### Working data ###

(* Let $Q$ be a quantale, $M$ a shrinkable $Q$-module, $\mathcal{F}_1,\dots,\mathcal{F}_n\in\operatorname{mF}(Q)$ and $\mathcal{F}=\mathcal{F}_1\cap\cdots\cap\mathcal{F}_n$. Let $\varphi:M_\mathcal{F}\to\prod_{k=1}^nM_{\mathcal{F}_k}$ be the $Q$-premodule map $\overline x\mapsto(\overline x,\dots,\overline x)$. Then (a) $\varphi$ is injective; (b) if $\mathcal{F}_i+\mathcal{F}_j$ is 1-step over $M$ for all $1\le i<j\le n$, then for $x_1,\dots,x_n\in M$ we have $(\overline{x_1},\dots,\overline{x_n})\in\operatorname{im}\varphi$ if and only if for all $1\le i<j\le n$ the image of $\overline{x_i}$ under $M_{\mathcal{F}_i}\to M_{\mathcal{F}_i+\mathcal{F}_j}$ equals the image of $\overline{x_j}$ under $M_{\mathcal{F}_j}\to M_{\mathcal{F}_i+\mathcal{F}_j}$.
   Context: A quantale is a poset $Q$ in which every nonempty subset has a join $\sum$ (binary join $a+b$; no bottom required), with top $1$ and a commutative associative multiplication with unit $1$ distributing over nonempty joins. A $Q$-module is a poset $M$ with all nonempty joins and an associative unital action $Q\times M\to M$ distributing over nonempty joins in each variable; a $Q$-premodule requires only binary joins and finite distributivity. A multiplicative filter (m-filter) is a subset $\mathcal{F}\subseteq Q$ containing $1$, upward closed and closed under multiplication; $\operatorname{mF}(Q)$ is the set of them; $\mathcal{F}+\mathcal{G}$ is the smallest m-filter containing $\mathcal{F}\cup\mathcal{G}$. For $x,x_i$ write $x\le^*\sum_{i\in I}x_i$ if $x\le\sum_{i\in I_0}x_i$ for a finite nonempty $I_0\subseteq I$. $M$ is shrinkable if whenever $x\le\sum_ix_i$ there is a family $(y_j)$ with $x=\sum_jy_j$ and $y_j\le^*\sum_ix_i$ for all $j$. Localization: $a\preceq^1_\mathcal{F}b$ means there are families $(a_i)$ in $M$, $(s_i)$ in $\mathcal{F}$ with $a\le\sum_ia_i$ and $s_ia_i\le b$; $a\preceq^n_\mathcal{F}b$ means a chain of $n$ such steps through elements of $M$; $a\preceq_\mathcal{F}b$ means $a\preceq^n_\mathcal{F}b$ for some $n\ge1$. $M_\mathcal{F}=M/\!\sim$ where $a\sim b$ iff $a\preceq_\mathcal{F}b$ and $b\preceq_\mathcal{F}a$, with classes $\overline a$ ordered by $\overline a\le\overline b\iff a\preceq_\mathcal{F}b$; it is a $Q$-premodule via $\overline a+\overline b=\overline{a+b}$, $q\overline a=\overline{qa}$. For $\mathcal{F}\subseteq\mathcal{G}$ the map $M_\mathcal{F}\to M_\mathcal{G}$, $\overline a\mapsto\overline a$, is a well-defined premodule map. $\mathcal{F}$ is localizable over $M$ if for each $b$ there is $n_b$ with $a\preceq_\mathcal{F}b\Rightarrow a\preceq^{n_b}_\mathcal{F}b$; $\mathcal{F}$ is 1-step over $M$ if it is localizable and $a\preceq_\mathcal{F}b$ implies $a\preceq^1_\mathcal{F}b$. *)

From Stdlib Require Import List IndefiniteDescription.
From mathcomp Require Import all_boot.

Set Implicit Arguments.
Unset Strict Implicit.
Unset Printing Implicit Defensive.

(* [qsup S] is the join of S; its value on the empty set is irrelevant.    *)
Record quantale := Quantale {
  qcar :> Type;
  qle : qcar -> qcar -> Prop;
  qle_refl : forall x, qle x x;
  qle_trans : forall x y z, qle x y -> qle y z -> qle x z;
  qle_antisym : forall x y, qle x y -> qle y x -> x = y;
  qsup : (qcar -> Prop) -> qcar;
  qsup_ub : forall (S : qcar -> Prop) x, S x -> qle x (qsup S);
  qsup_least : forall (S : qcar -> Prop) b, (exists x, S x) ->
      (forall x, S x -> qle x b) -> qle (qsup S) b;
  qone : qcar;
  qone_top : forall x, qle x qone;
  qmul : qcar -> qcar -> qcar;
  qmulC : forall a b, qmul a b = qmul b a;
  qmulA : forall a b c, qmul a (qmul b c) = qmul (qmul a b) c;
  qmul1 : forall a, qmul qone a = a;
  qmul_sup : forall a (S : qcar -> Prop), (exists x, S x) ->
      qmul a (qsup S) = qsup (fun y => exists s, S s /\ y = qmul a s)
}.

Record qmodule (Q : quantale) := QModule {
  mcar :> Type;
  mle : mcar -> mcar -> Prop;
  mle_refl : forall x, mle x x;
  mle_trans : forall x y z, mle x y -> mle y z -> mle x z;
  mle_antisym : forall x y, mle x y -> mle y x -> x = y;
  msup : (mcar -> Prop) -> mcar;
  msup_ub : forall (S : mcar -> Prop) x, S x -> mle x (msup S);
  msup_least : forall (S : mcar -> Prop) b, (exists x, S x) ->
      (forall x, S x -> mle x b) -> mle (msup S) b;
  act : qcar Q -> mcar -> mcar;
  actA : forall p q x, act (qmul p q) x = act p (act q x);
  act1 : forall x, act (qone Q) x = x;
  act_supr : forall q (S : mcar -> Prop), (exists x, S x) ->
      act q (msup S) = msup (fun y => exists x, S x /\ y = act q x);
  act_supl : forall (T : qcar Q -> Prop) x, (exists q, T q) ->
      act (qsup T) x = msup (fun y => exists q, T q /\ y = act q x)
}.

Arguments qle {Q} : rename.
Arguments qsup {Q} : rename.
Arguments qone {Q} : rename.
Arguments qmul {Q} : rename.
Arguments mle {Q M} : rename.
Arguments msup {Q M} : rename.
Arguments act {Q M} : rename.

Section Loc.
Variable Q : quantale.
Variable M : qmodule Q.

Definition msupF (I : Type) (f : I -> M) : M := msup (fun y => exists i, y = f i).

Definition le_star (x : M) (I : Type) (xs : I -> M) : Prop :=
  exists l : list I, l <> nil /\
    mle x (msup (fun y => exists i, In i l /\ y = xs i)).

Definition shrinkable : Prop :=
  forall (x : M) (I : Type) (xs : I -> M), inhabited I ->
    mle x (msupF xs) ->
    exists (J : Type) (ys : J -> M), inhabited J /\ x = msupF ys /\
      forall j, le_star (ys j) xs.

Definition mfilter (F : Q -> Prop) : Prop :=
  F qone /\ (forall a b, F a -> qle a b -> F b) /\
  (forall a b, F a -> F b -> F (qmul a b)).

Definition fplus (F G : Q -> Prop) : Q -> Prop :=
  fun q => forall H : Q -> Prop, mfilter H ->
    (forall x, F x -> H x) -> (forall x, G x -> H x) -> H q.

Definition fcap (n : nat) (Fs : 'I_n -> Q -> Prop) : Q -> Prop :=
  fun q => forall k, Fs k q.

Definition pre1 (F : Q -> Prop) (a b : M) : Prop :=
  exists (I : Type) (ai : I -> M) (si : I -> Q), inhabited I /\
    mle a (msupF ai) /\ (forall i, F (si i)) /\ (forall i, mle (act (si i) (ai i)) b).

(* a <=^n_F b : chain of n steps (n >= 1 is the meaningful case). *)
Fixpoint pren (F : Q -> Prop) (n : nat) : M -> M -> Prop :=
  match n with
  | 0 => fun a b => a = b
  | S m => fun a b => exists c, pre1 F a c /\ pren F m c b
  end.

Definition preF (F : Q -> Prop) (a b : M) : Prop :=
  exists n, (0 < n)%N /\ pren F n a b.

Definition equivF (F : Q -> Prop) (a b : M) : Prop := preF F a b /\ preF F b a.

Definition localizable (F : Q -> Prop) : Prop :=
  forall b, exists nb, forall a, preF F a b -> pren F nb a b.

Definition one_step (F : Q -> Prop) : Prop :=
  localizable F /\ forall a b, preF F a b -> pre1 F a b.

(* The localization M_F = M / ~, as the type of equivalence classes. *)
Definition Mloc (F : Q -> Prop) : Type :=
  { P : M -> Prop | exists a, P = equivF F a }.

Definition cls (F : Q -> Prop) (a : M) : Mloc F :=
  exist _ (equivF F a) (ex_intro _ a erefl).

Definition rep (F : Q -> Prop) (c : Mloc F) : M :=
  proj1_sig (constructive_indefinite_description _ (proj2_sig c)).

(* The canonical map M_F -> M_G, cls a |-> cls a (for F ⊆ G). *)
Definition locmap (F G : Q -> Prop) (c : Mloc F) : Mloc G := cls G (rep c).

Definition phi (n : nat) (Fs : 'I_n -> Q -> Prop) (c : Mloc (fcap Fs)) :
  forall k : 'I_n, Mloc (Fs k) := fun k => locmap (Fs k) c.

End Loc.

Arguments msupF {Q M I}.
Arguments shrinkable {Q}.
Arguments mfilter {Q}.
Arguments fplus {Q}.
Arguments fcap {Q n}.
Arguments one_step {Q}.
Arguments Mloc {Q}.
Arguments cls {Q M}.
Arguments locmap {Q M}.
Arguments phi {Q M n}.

###
### Working data ###

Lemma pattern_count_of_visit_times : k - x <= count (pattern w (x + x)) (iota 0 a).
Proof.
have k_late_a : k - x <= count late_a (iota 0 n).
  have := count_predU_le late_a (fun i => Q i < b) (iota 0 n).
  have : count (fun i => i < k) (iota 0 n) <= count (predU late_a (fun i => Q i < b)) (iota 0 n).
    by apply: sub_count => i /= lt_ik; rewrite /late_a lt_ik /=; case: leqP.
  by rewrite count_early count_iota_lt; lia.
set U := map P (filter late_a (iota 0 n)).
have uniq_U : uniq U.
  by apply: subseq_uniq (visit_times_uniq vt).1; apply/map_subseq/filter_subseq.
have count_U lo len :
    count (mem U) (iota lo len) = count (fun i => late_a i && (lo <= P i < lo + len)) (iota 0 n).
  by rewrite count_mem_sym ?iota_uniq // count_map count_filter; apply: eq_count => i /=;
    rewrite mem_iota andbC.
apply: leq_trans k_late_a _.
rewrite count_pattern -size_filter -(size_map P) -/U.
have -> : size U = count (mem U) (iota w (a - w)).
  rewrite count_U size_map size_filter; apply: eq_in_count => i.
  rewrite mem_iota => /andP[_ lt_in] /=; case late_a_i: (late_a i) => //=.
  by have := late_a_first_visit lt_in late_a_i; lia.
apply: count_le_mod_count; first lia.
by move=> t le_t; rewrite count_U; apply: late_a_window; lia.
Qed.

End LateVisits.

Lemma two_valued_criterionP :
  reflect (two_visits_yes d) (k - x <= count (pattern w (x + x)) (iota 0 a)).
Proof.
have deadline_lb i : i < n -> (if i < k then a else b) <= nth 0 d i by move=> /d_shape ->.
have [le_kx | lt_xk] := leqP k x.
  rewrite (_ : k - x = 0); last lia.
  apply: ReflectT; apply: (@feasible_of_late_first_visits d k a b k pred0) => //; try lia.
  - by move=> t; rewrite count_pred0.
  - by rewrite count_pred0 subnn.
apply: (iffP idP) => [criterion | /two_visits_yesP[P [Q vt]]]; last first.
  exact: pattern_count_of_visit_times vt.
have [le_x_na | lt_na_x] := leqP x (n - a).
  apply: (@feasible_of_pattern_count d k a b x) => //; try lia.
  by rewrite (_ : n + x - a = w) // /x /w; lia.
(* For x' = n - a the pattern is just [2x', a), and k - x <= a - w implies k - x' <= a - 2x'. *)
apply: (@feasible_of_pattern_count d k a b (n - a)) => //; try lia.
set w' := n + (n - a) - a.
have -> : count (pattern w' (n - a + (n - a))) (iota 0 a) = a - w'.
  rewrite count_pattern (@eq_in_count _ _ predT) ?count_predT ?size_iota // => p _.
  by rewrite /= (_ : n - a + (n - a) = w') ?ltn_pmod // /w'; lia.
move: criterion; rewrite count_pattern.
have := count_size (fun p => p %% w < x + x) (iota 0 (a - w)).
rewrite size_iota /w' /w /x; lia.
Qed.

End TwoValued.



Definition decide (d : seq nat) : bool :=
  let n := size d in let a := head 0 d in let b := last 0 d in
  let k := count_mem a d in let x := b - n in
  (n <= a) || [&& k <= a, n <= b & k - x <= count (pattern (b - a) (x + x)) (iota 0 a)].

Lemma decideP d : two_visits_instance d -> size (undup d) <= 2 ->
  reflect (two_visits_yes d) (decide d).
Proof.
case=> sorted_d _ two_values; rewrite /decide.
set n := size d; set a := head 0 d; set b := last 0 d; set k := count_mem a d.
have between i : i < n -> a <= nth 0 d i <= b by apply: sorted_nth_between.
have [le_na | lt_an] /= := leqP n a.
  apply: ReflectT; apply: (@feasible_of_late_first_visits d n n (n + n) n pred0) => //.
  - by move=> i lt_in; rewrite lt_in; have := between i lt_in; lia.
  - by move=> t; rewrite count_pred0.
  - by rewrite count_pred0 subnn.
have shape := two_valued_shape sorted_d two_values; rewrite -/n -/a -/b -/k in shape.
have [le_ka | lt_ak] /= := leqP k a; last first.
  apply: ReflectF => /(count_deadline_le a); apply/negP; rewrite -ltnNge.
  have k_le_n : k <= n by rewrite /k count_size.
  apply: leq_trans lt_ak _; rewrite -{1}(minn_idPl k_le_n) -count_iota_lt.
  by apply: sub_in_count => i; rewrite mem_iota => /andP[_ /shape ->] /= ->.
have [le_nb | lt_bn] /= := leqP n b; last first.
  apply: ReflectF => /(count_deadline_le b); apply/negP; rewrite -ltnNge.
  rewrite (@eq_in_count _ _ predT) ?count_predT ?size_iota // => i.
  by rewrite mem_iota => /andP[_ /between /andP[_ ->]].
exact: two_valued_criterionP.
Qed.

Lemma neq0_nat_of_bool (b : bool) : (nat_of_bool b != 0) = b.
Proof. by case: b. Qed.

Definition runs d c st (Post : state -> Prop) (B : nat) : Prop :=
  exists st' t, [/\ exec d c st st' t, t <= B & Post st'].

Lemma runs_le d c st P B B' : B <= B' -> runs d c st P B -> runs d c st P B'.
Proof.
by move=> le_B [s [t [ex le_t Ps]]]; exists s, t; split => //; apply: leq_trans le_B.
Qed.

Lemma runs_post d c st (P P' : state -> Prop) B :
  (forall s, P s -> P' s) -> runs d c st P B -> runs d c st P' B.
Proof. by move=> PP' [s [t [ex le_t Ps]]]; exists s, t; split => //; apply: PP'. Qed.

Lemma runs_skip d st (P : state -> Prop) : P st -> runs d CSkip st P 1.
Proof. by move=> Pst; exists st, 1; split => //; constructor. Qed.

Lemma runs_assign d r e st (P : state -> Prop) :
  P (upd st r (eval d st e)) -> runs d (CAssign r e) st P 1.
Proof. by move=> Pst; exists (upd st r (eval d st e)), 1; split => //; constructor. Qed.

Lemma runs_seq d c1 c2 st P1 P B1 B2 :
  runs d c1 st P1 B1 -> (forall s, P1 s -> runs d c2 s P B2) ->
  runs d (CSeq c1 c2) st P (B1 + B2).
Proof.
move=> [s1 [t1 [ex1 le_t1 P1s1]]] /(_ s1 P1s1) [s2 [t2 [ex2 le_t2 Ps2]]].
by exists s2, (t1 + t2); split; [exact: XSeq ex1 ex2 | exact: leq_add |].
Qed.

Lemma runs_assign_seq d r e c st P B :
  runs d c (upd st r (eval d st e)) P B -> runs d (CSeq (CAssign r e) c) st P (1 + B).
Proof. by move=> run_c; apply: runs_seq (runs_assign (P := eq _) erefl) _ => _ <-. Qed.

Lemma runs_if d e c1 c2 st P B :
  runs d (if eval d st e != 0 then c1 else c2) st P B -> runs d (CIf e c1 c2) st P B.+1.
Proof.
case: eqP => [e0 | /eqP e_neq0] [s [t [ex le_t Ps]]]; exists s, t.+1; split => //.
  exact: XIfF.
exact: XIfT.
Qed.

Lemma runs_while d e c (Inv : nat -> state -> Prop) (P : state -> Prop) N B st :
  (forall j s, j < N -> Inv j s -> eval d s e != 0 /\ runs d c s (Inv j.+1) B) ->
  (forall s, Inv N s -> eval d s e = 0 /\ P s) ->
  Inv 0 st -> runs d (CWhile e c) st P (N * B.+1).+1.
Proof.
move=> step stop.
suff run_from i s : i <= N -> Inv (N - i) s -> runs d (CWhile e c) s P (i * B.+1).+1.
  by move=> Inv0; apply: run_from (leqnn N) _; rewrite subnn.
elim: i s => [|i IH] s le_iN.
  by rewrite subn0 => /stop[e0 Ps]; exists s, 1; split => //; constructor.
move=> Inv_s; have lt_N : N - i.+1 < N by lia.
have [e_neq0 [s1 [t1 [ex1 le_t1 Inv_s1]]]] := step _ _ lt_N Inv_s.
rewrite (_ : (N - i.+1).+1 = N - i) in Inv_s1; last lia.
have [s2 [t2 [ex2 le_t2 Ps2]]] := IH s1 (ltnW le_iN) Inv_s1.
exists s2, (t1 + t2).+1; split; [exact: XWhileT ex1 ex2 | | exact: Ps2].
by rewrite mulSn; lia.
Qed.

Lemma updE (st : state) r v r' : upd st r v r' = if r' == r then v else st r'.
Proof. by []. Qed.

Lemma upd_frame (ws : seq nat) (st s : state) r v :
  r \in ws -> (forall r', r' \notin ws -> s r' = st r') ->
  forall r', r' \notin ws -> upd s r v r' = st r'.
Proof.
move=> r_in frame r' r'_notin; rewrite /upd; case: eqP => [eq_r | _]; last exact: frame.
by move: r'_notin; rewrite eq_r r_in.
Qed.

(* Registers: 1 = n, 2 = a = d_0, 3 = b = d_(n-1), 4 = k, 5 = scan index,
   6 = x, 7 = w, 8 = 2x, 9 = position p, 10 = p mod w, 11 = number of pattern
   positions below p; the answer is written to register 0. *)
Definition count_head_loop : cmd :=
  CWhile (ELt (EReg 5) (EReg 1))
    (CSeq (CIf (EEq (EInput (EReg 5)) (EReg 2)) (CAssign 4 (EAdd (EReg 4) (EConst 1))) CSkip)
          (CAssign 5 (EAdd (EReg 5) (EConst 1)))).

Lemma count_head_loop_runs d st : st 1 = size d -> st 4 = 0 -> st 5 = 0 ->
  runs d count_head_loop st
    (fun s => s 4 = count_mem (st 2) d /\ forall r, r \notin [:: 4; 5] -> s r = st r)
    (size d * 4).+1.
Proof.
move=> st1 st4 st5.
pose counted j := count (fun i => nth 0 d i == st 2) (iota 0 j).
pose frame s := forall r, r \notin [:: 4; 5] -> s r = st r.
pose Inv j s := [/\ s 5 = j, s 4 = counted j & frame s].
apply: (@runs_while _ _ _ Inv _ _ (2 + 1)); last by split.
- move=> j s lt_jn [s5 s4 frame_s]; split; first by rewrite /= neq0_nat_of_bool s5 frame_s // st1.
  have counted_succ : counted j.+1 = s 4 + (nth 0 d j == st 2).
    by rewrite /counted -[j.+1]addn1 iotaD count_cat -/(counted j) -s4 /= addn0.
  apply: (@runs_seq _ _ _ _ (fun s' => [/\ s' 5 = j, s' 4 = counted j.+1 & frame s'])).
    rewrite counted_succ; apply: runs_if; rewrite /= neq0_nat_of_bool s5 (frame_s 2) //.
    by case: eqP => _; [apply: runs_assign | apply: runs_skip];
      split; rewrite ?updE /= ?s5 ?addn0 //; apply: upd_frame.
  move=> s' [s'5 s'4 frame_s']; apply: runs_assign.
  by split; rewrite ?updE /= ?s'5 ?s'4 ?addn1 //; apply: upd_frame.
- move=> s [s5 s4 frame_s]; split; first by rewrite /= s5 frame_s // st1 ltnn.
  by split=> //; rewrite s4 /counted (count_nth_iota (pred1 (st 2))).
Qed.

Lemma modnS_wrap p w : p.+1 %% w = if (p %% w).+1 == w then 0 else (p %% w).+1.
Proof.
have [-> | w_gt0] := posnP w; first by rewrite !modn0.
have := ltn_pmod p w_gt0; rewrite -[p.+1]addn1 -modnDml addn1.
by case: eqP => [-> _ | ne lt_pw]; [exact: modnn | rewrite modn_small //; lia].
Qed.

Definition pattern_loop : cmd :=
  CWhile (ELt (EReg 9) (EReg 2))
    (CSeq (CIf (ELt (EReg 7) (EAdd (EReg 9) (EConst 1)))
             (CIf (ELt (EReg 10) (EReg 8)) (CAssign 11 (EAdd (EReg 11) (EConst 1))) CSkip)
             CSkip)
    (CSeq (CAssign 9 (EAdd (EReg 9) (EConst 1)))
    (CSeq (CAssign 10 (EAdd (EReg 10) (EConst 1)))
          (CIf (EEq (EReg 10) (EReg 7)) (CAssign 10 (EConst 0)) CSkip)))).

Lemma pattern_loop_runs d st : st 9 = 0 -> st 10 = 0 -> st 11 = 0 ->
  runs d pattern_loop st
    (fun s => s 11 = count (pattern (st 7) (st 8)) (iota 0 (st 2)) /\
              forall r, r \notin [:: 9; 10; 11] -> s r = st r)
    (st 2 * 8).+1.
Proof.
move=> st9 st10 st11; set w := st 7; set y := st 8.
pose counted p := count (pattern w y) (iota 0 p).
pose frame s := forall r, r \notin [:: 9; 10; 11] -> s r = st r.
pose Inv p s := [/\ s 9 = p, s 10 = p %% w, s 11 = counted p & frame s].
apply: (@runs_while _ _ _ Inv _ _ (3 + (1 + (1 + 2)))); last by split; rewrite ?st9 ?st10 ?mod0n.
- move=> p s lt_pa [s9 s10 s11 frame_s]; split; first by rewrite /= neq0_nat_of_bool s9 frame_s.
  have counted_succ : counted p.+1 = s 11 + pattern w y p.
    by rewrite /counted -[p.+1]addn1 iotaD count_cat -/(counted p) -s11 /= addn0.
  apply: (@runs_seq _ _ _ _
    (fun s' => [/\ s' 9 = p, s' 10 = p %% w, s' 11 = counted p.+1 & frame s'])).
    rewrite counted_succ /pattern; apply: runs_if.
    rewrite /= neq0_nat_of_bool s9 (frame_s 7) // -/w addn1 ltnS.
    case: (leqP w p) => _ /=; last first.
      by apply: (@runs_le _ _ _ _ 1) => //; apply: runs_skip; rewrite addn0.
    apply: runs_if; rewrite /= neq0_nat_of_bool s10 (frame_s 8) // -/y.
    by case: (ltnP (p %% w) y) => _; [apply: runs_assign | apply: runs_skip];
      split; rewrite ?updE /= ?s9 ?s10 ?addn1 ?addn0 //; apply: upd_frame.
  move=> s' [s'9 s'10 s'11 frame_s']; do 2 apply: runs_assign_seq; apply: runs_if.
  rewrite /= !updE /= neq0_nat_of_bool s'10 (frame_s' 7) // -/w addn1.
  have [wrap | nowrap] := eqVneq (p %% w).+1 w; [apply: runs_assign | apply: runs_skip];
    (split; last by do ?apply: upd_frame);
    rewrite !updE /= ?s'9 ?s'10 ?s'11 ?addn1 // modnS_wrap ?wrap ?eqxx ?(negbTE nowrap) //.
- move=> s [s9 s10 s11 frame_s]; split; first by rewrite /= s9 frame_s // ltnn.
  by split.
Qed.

###

• **Task goal**: Go back to the listing above. Copy word for word the lines from the one with "by rewrite count_mem_sym" through the one with "have [le_x_na | lt_na_x] := leqP x (n - a).", and nothing more.

• **Result for this exercise**:
  by rewrite count_mem_sym ?iota_uniq // count_map count_filter; apply: eq_count => i /=;
    rewrite mem_iota andbC.
apply: leq_trans k_late_a _.
rewrite count_pattern -size_filter -(size_map P) -/U.
have -> : size U = count (mem U) (iota w (a - w)).
  rewrite count_U size_map size_filter; apply: eq_in_count => i.
  rewrite mem_iota => /andP[_ lt_in] /=; case late_a_i: (late_a i) => //=.
  by have := late_a_first_visit lt_in late_a_i; lia.
apply: count_le_mod_count; first lia.
by move=> t le_t; rewrite count_U; apply: late_a_window; lia.
Qed.

End LateVisits.

Lemma two_valued_criterionP :
  reflect (two_visits_yes d) (k - x <= count (pattern w (x + x)) (iota 0 a)).
Proof.
have deadline_lb i : i < n -> (if i < k then a else b) <= nth 0 d i by move=> /d_shape ->.
have [le_kx | lt_xk] := leqP k x.
  rewrite (_ : k - x = 0); last lia.
  apply: ReflectT; apply: (@feasible_of_late_first_visits d k a b k pred0) => //; try lia.
  - by move=> t; rewrite count_pred0.
  - by rewrite count_pred0 subnn.
apply: (iffP idP) => [criterion | /two_visits_yesP[P [Q vt]]]; last first.
  exact: pattern_count_of_visit_times vt.
have [le_x_na | lt_na_x] := leqP x (n - a).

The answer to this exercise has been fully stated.